RECORDS PROVIDED »
Start of Block

(* Let $\mathbf a=(a_1,\ldots,a_n)\in\mathbb Z_{\geq1}^n$ and $\mathbf b=(b_1,\ldots,b_m)\in\mathbb Z_{\geq1}^m$. If $(\mathbf x,\mathbf y)$, with $\mathbf x=(x_1,\ldots,x_n)$ and $\mathbf y=(y_1,\ldots,y_m)$, is a minimal solution of the equation $x_1a_1+\cdots+x_na_n=y_1b_1+\cdots+y_mb_m$, then there exist rational numbers $\lambda_{i,j}$ ($1\leq i\leq n$, $1\leq j\leq m$) such that $\sum_{j=1}^m \lambda_{i,j} b_j=x_i$ for $1\leq i\leq n$; $\sum_{i=1}^n \lambda_{i,j} a_i=y_j$ for $1\leq j\leq m$; $\sum_{i=1}^n\sum_{j=1}^m\lambda_{i,j}\leq 1$; and $\lambda_{i,j}\geq 0$ for all $1\leq i\leq n$, $1\leq j\leq m$.
   Context: $\mathcal S(\mathbf a,\mathbf b)$ denotes the set of all pairs $(\mathbf x,\mathbf y)\in\mathbb Z_{\geq0}^n\times\mathbb Z_{\geq0}^m$ satisfying $\sum_i x_ia_i=\sum_j y_jb_j$. A solution in $\mathcal S(\mathbf a,\mathbf b)$ is called minimal if it is nonzero and cannot be written as the sum of two nonzero solutions in $\mathcal S(\mathbf a,\mathbf b)$; the set of minimal solutions is denoted $\mathcal H(\mathbf a,\mathbf b)$ (the Hilbert basis of the cone $\{(\mathbf x,\mathbf y)\in\mathbb R_{\geq0}^{n+m}:\mathbf a\cdot\mathbf x=\mathbf b\cdot\mathbf y\}$). *)

From mathcomp Require Import all_boot all_order all_algebra.
Set Implicit Arguments. Unset Strict Implicit. Unset Printing Implicit Defensive.

Definition is_solution (n m : nat) (a : 'I_n -> nat) (b : 'I_m -> nat)
    (x : 'I_n -> nat) (y : 'I_m -> nat) : Prop :=
  (\sum_(i < n) x i * a i = \sum_(j < m) y j * b j)%N.

Definition is_nonzero (n m : nat) (x : 'I_n -> nat) (y : 'I_m -> nat) : Prop :=
  (exists i, x i <> 0%N) \/ (exists j, y j <> 0%N).

Definition is_minimal_solution (n m : nat) (a : 'I_n -> nat) (b : 'I_m -> nat)
    (x : 'I_n -> nat) (y : 'I_m -> nat) : Prop :=
  is_solution a b x y /\ is_nonzero x y /\
  ~ (exists (x1 x2 : 'I_n -> nat) (y1 y2 : 'I_m -> nat),
       is_solution a b x1 y1 /\ is_nonzero x1 y1 /\
       is_solution a b x2 y2 /\ is_nonzero x2 y2 /\
       (forall i, x i = x1 i + x2 i)%N /\ (forall j, y j = y1 j + y2 j)%N).

From mathcomp Require Import all_boot all_order all_algebra.
From mathcomp Require Import zify ring.
Import Order.TTheory GRing.Theory Num.Theory.

Set Implicit Arguments.
Unset Strict Implicit.
Unset Printing Implicit Defensive.

(* Take lam i j := x_i y_j / S, where S = sum_i x_i a_i = sum_j y_j b_j; everything
   except the bound on the total mass is immediate, and that bound says
   (sum_i x_i) (sum_j y_j) <= S.  Write the a's as a word of X = sum_i x_i letters and
   the b's as a word of Y = sum_j y_j letters, both of weight S, with prefix sums
   P_0 < ... < P_(X-1) < S and Q_0 < ... < Q_(Y-1) < S.  The X Y residues P_k - Q_l
   modulo S are pairwise distinct: a coincidence would give a nonempty proper window of
   the a-word with the same weight as a (possibly cyclically wrapping) window of the
   b-word, i.e. a nonzero proper sub-solution, which minimality forbids. *)

Section CountSums.
Variable T : finType.

Lemma sum_count_mem_mul (w : T -> nat) (s : seq T) :
  \sum_(i : T) count_mem i s * w i = \sum_(v <- s) w v.
Proof.
transitivity (\sum_(v <- s) \sum_(i | i == v) w i); last first.
  by apply: eq_bigr => v _; rewrite big_pred1_eq.
rewrite (exchange_big_dep xpredT) //=; apply: eq_bigr => i _.
rewrite big_const_seq iter_addn_0 mulnC; congr (_ * _).
by apply: eq_count => v; rewrite /= eq_sym.
Qed.

Lemma sum_count_mem (s : seq T) : \sum_(i : T) count_mem i s = size s.
Proof.
rewrite -sum1_size -(sum_count_mem_mul (fun=> 1)).
by apply: eq_bigr => i _; rewrite muln1.
Qed.

Definition seq_of_counts (c : T -> nat) : seq T :=
  flatten [seq nseq (c i) i | i <- index_enum T].

Lemma count_seq_of_counts c i : count_mem i (seq_of_counts c) = c i.
Proof.
rewrite count_flatten sumnE !big_map (bigD1 i) //= !count_nseq /=.
rewrite (eqxx i) mul1n big1 ?addn0 // => j /negbTE.
by rewrite count_nseq /= => ->.
Qed.

Lemma size_seq_of_counts c : size (seq_of_counts c) = \sum_(i : T) c i.
Proof. by rewrite -sum_count_mem; apply: eq_bigr => i _; rewrite count_seq_of_counts. Qed.

Lemma sum_seq_of_counts (w c : T -> nat) :
  \sum_(v <- seq_of_counts c) w v = \sum_(i : T) c i * w i.
Proof. by rewrite -sum_count_mem_mul; apply: eq_bigr => i _; rewrite count_seq_of_counts. Qed.

Lemma subseq_count_mem_eq (s s' : seq T) :
  subseq s s' -> (forall i, count_mem i s = count_mem i s') -> s = s'.
Proof.
move=> sub_s eq_s; apply/eqP; rewrite -(size_subseq_leqif sub_s).2.
by rewrite -!sum_count_mem; apply/eqP/eq_bigr => i _; rewrite eq_s.
Qed.

End CountSums.

Lemma eq_modn_lt_double d u v : u < d.*2 -> v < d.*2 -> u = v %[mod d] ->
  [\/ u = v, u = v + d | v = u + d].
Proof.
move=> hu hv e.
have d_gt0 : 0 < d by lia.
have : u %/ d < 2 by rewrite ltn_divLR // mul2n.
have : v %/ d < 2 by rewrite ltn_divLR // mul2n.
have := divn_eq u d; have := divn_eq v d; rewrite e.
move: (u %/ d) (v %/ d) (v %% d) => [|[|?]] [|[|?]] r // -> -> _ _;
  [apply: Or31 | apply: Or33 | apply: Or32 | apply: Or31]; lia.
Qed.

Section PrefixSums.
Variables (T : Type) (w : T -> nat).
Hypothesis w_gt0 : forall v, 0 < w v.

Definition prefix_sum (s : seq T) k := \sum_(v <- take k s) w v.

Lemma leq_size_sum (s : seq T) : size s <= \sum_(v <- s) w v.
Proof. by rewrite -sum1_size; apply: leq_sum. Qed.

Lemma prefix_sum_slice s k k' : k <= k' ->
  prefix_sum s k' = prefix_sum s k + \sum_(v <- drop k (take k' s)) w v.
Proof.
by move=> le_kk'; rewrite /prefix_sum -{1}(cat_take_drop k (take k' s)) big_cat take_takel.
Qed.

Lemma prefix_sum_size s : prefix_sum s (size s) = \sum_(v <- s) w v.
Proof. by rewrite /prefix_sum take_size. Qed.

Lemma ltn_prefix_sum s k k' : k <= size s -> k' <= size s ->
  (prefix_sum s k < prefix_sum s k') = (k < k').
Proof.
move=> ks k's; case: (ltnP k k') => [lt_kk'|le_k'k].
  rewrite (prefix_sum_slice s (ltnW lt_kk')) -addn1 leq_add2l.
  apply: leq_trans (leq_size_sum _); rewrite size_drop size_takel //; lia.
by rewrite (prefix_sum_slice s le_k'k) ltnNge leq_addr.
Qed.

Lemma prefix_sum_lt_sum s k : k < size s -> prefix_sum s k < \sum_(v <- s) w v.
Proof. by move=> ks; rewrite -prefix_sum_size ltn_prefix_sum // ltnW. Qed.

Lemma prefix_sum_inj s k k' : k <= size s -> k' <= size s ->
  prefix_sum s k = prefix_sum s k' -> k = k'.
Proof.
move=> ks k's eq_P; case: (ltngtP k k') => // [lt_kk'|lt_k'k].
- by move: lt_kk'; rewrite -(ltn_prefix_sum ks k's) eq_P ltnn.
- by move: lt_k'k; rewrite -(ltn_prefix_sum k's ks) eq_P ltnn.
Qed.

End PrefixSums.

Section MinimalSolution.
Variables (n m : nat) (a : 'I_n -> nat) (b : 'I_m -> nat).
Variables (x : 'I_n -> nat) (y : 'I_m -> nat).
Hypothesis xy_min : is_minimal_solution a b x y.

Lemma minimal_solution_sub u w :
  is_solution a b u w -> (forall i, u i <= x i) -> (forall j, w j <= y j) ->
  is_nonzero u w -> u =1 x /\ w =1 y.
Proof.
move=> uw_sol le_ux le_wy uw_nz; have [xy_sol [_ no_split]] := xy_min.
have rest_sol : is_solution a b (fun i => x i - u i) (fun j => y j - w j).
  have split_sum k (c c' : 'I_k -> nat) (e : 'I_k -> nat) : (forall i, c' i <= c i) ->
      \sum_(i < k) c i * e i = \sum_(i < k) c' i * e i + \sum_(i < k) (c i - c' i) * e i.
    by move=> le_c'c; rewrite -big_split; apply: eq_bigr => i _ /=; rewrite -mulnDl subnKC.
  move: xy_sol; rewrite /is_solution (split_sum _ _ _ _ le_ux) (split_sum _ _ _ _ le_wy).
  by rewrite uw_sol => /addnI.
have rest_zero : ~ is_nonzero (fun i => x i - u i) (fun j => y j - w j).
  move=> rest_nz; apply: no_split; exists u, (fun i => x i - u i), w, (fun j => y j - w j).
  by do 4!split => //; split=> ? /=; rewrite subnKC.
split=> [i|j]; apply/eqP; rewrite eqn_leq ?le_ux ?le_wy -subn_eq0;
  apply/negPn/negP => /eqP ne0; apply: rest_zero.
- by left; exists i.
- by right; exists j.
Qed.

Variables (sa : seq 'I_n) (sb : seq 'I_m).
Hypotheses (count_sa : forall i, count_mem i sa = x i)
           (count_sb : forall j, count_mem j sb = y j).

Lemma minimal_solution_subseq u w : subseq u sa -> subseq w sb ->
  \sum_(v <- u) a v = \sum_(v <- w) b v -> 0 < size u + size w -> u = sa /\ w = sb.
Proof.
move=> sub_u sub_w uw_sum uw_gt0.
have [eq_u eq_w] : (fun i => count_mem i u) =1 x /\ (fun j => count_mem j w) =1 y.
  apply: minimal_solution_sub => [|i|j|].
  - by rewrite /is_solution !sum_count_mem_mul.
  - by rewrite -count_sa leq_count_subseq.
  - by rewrite -count_sb leq_count_subseq.
  - case: u {sub_u uw_sum} uw_gt0 => [|i u] /=; last by left; exists i; rewrite (eqxx i).
    by case: w {sub_w} => // j w _; right; exists j; rewrite /= (eqxx j).
by split; apply: subseq_count_mem_eq => // i; rewrite ?count_sa ?count_sb;
  [apply: eq_u | apply: eq_w].
Qed.

Hypotheses (a_gt0 : forall i, 0 < a i) (b_gt0 : forall j, 0 < b j).

Local Notation P := (prefix_sum a sa).
Local Notation Q := (prefix_sum b sb).
Local Notation S := (\sum_(v <- sa) a v).

Lemma weight_sb : \sum_(v <- sb) b v = S.
Proof.
rewrite -(sum_count_mem_mul b sb) -(sum_count_mem_mul a sa).
under eq_bigr do rewrite count_sb; under [in RHS]eq_bigr do rewrite count_sa.
by case: xy_min => ->.
Qed.

Lemma proper_window_unbalanced k k' w : k < k' -> k' < size sa -> subseq w sb ->
  P k + \sum_(v <- w) b v != P k'.
Proof.
move=> lt_kk' k's sub_w; apply/eqP => eq_P.
pose u := drop k (take k' sa).
have size_u : size u = k' - k by rewrite size_drop size_takel // ltnW.
have [u_sa _] : u = sa /\ w = sb.
  apply: minimal_solution_subseq => //.
  - exact: subseq_trans (drop_subseq _ _) (take_subseq _ _).
  - by move: eq_P; rewrite (prefix_sum_slice _ _ (ltnW lt_kk')) => /addnI.
  - by rewrite size_u; lia.
by move: size_u; rewrite u_sa; lia.
Qed.

Lemma prefix_sums_eq_mod k k' l l' :
  k <= k' -> k' < size sa -> l < size sb -> l' < size sb ->
  P k + Q l' = P k' + Q l %[mod S] -> k = k' /\ l = l'.
Proof.
move=> le_kk' k's ls l's eq_mod.
have ltP k0 k1 : k0 <= size sa -> k1 <= size sa -> (P k0 < P k1) = (k0 < k1).
  exact: ltn_prefix_sum.
have ltQ l0 l1 : l0 <= size sb -> l1 <= size sb -> (Q l0 < Q l1) = (l0 < l1).
  exact: ltn_prefix_sum.
have PS := prefix_sum_lt_sum a_gt0 k's.
have le_P : P k <= P k' by rewrite leqNgt ltP -?leqNgt //; lia.
have QlS := prefix_sum_lt_sum b_gt0 ls; have Ql'S := prefix_sum_lt_sum b_gt0 l's.
rewrite weight_sb in QlS Ql'S.
have [||eq_PQ|eq_PQ|eq_PQ] := eq_modn_lt_double _ _ eq_mod;
  [lia | lia | | lia |]; last first.
- (* the b-window wraps around the end of sb *)
  have lt_kk' : k < k' by rewrite -ltP; lia.
  have lt_l'l : l' < l by rewrite -ltQ; lia.
  have [] := negP (proper_window_unbalanced lt_kk' k's (w := take l' sb ++ drop l sb) _).
    rewrite -[X in subseq _ X](cat_take_drop l sb); apply: cat_subseq (subseq_refl _).
    by rewrite -(take_takel _ (ltnW lt_l'l)) take_subseq.
  have : Q l + \sum_(v <- drop l sb) b v = S.
    by rewrite -weight_sb /prefix_sum -big_cat cat_take_drop.
  rewrite big_cat /= -/(prefix_sum b sb l'); lia.
have [eq_kk'|ne_kk'] := eqVneq k k'.
  subst k'; split=> //; apply: (prefix_sum_inj b_gt0 (ltnW ls) (ltnW l's)); lia.
have lt_kk' : k < k' by rewrite ltn_neqAle ne_kk'.
have lt_ll' : l < l' by rewrite -ltQ; have := ltP k k'; lia.
have [] := negP (proper_window_unbalanced lt_kk' k's (w := drop l (take l' sb)) _).
  exact: subseq_trans (drop_subseq _ _) (take_subseq _ _).
move: eq_PQ; rewrite (prefix_sum_slice b sb (ltnW lt_ll')) addnCA [P k' + _]addnC.
by move=> /addnI ->.
Qed.

Lemma size_mul_leq_weight : size sa * size sb <= S.
Proof.
have [->|sa_gt0] := posnP (size sa); first by [].
have S_gt0 : 0 < S := leq_trans sa_gt0 (leq_size_sum a_gt0 sa).
(* adding S first keeps the truncated subtraction exact *)
pose f (kl : 'I_(size sa) * 'I_(size sb)) : 'I_S :=
  Ordinal (ltn_pmod (P kl.1 + S - Q kl.2) S_gt0).
suff f_inj : injective f by have := leq_card f f_inj; rewrite card_prod !card_ord.
move=> [k l] [k' l'] /(congr1 val) /= eq_f.
have QlS := prefix_sum_lt_sum b_gt0 (ltn_ord l).
have Ql'S := prefix_sum_lt_sum b_gt0 (ltn_ord l'); rewrite weight_sb in QlS Ql'S.
have eq_mod : P k + Q l' = P k' + Q l %[mod S].
  move: (congr1 (fun r => (r + (Q l + Q l')) %% S) eq_f); rewrite /= !modnDml.
  rewrite (_ : P k + S - Q l + _ = P k + Q l' + S); last by lia.
  by rewrite (_ : P k' + S - Q l' + _ = P k' + Q l + S) ?modnDr //; lia.
have [le_kk'|lt_k'k] := leqP k k'.
  have [eq_k eq_l] := prefix_sums_eq_mod le_kk' (ltn_ord k') (ltn_ord l) (ltn_ord l') eq_mod.
  by congr pair; apply: val_inj.
have [eq_k eq_l] :=
  prefix_sums_eq_mod (ltnW lt_k'k) (ltn_ord k) (ltn_ord l') (ltn_ord l) (esym eq_mod).
by congr pair; apply: val_inj.
Qed.

End MinimalSolution.

Lemma minimal_solution_size_mul n m (a : 'I_n -> nat) (b : 'I_m -> nat) x y :
  (forall i, 0 < a i) -> (forall j, 0 < b j) -> is_minimal_solution a b x y ->
  (\sum_(i < n) x i) * (\sum_(j < m) y j) <= \sum_(i < n) x i * a i.
Proof.
move=> a_gt0 b_gt0 xy_min.
rewrite -(sum_seq_of_counts a x) -(size_seq_of_counts x) -(size_seq_of_counts y).
by apply: (size_mul_leq_weight xy_min) => //; apply: count_seq_of_counts.
Qed.

Lemma solution_weight_gt0 n m (a : 'I_n -> nat) (b : 'I_m -> nat) x y :
  (forall i, 0 < a i) -> (forall j, 0 < b j) ->
  is_solution a b x y -> is_nonzero x y -> 0 < \sum_(i < n) x i * a i.
Proof.
move=> a_gt0 b_gt0 xy_sol [[i /eqP xi]|[j /eqP yj]].
- by rewrite (bigD1 i) //= ltn_addr // muln_gt0 lt0n xi a_gt0.
- by rewrite xy_sol (bigD1 j) //= ltn_addr // muln_gt0 lt0n yj b_gt0.
Qed.

Local Open Scope ring_scope.

Lemma sum_mul_div_dot (F : fieldType) (I : finType) (c d : F) (u v : I -> F) :
  d != 0 -> \sum_(i : I) u i * v i = d -> \sum_(i : I) c * u i / d * v i = c.
Proof.
move=> d_neq0 uv_d; rewrite (eq_bigr (fun i => c / d * (u i * v i))) => [|i _].
  by rewrite -mulr_sumr uv_d divfK.
by ring.
Qed.

Theorem theorem1 (n m : nat) (a : 'I_n -> nat) (b : 'I_m -> nat)
    (Ha : forall i, (1 <= a i)%N) (Hb : forall j, (1 <= b j)%N)
    (x : 'I_n -> nat) (y : 'I_m -> nat) :
  is_minimal_solution a b x y ->
  exists lam : 'I_n -> 'I_m -> rat,
    (forall i, \sum_(j < m) lam i j * (b j)%:R = (x i)%:R) /\
    (forall j, \sum_(i < n) lam i j * (a i)%:R = (y j)%:R) /\
    \sum_(i < n) \sum_(j < m) lam i j <= 1 /\
    (forall i j, 0 <= lam i j).
Proof.
move=> xy_min; have [xy_sol [xy_nz _]] := xy_min.
set S := (\sum_(i < n) x i * a i)%N.
have S_gt0 : (0 < S)%N := solution_weight_gt0 Ha Hb xy_sol xy_nz.
have S_neq0 : (S%:R : rat) != 0 by rewrite pnatr_eq0 -lt0n.
exists (fun i j => (x i)%:R * (y j)%:R / S%:R); split; [|split; [|split]].
- move=> i; apply: sum_mul_div_dot => //.
  by rewrite /S xy_sol natr_sum; apply: eq_bigr => j _; rewrite natrM.
- move=> j; under eq_bigr do rewrite [_ * (y j)%:R]mulrC.
  apply: sum_mul_div_dot => //.
  by rewrite /S natr_sum; apply: eq_bigr => i _; rewrite natrM.
- under eq_bigr do rewrite -mulr_suml.
  rewrite -mulr_suml -big_distrlr /= -!natr_sum -natrM ler_pdivrMr ?ltr0n //.
  by rewrite mul1r ler_nat (minimal_solution_size_mul Ha Hb xy_min).
- by move=> i j; rewrite divr_ge0 ?mulr_ge0 ?ler0n.
Qed.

End of Block

WHAT TO DO » Please return only the lines above, starting at the line that has "[lia | lia | | lia |]; last first." and ending at the line that has "have [] := negP (proper_window_unbalanced lt_kk' k's (w := drop", keeping both and leaving each one unchanged.

EXERCISE OUTPUT »
  [lia | lia | | lia |]; last first.
- (* the b-window wraps around the end of sb *)
  have lt_kk' : k < k' by rewrite -ltP; lia.
  have lt_l'l : l' < l by rewrite -ltQ; lia.
  have [] := negP (proper_window_unbalanced lt_kk' k's (w := take l' sb ++ drop l sb) _).
    rewrite -[X in subseq _ X](cat_take_drop l sb); apply: cat_subseq (subseq_refl _).
    by rewrite -(take_takel _ (ltnW lt_l'l)) take_subseq.
  have : Q l + \sum_(v <- drop l sb) b v = S.
    by rewrite -weight_sb /prefix_sum -big_cat cat_take_drop.
  rewrite big_cat /= -/(prefix_sum b sb l'); lia.
have [eq_kk'|ne_kk'] := eqVneq k k'.
  subst k'; split=> //; apply: (prefix_sum_inj b_gt0 (ltnW ls) (ltnW l's)); lia.
have lt_kk' : k < k' by rewrite ltn_neqAle ne_kk'.
have lt_ll' : l < l' by rewrite -ltQ; have := ltP k k'; lia.
have [] := negP (proper_window_unbalanced lt_kk' k's (w := drop l (take l' sb)) _).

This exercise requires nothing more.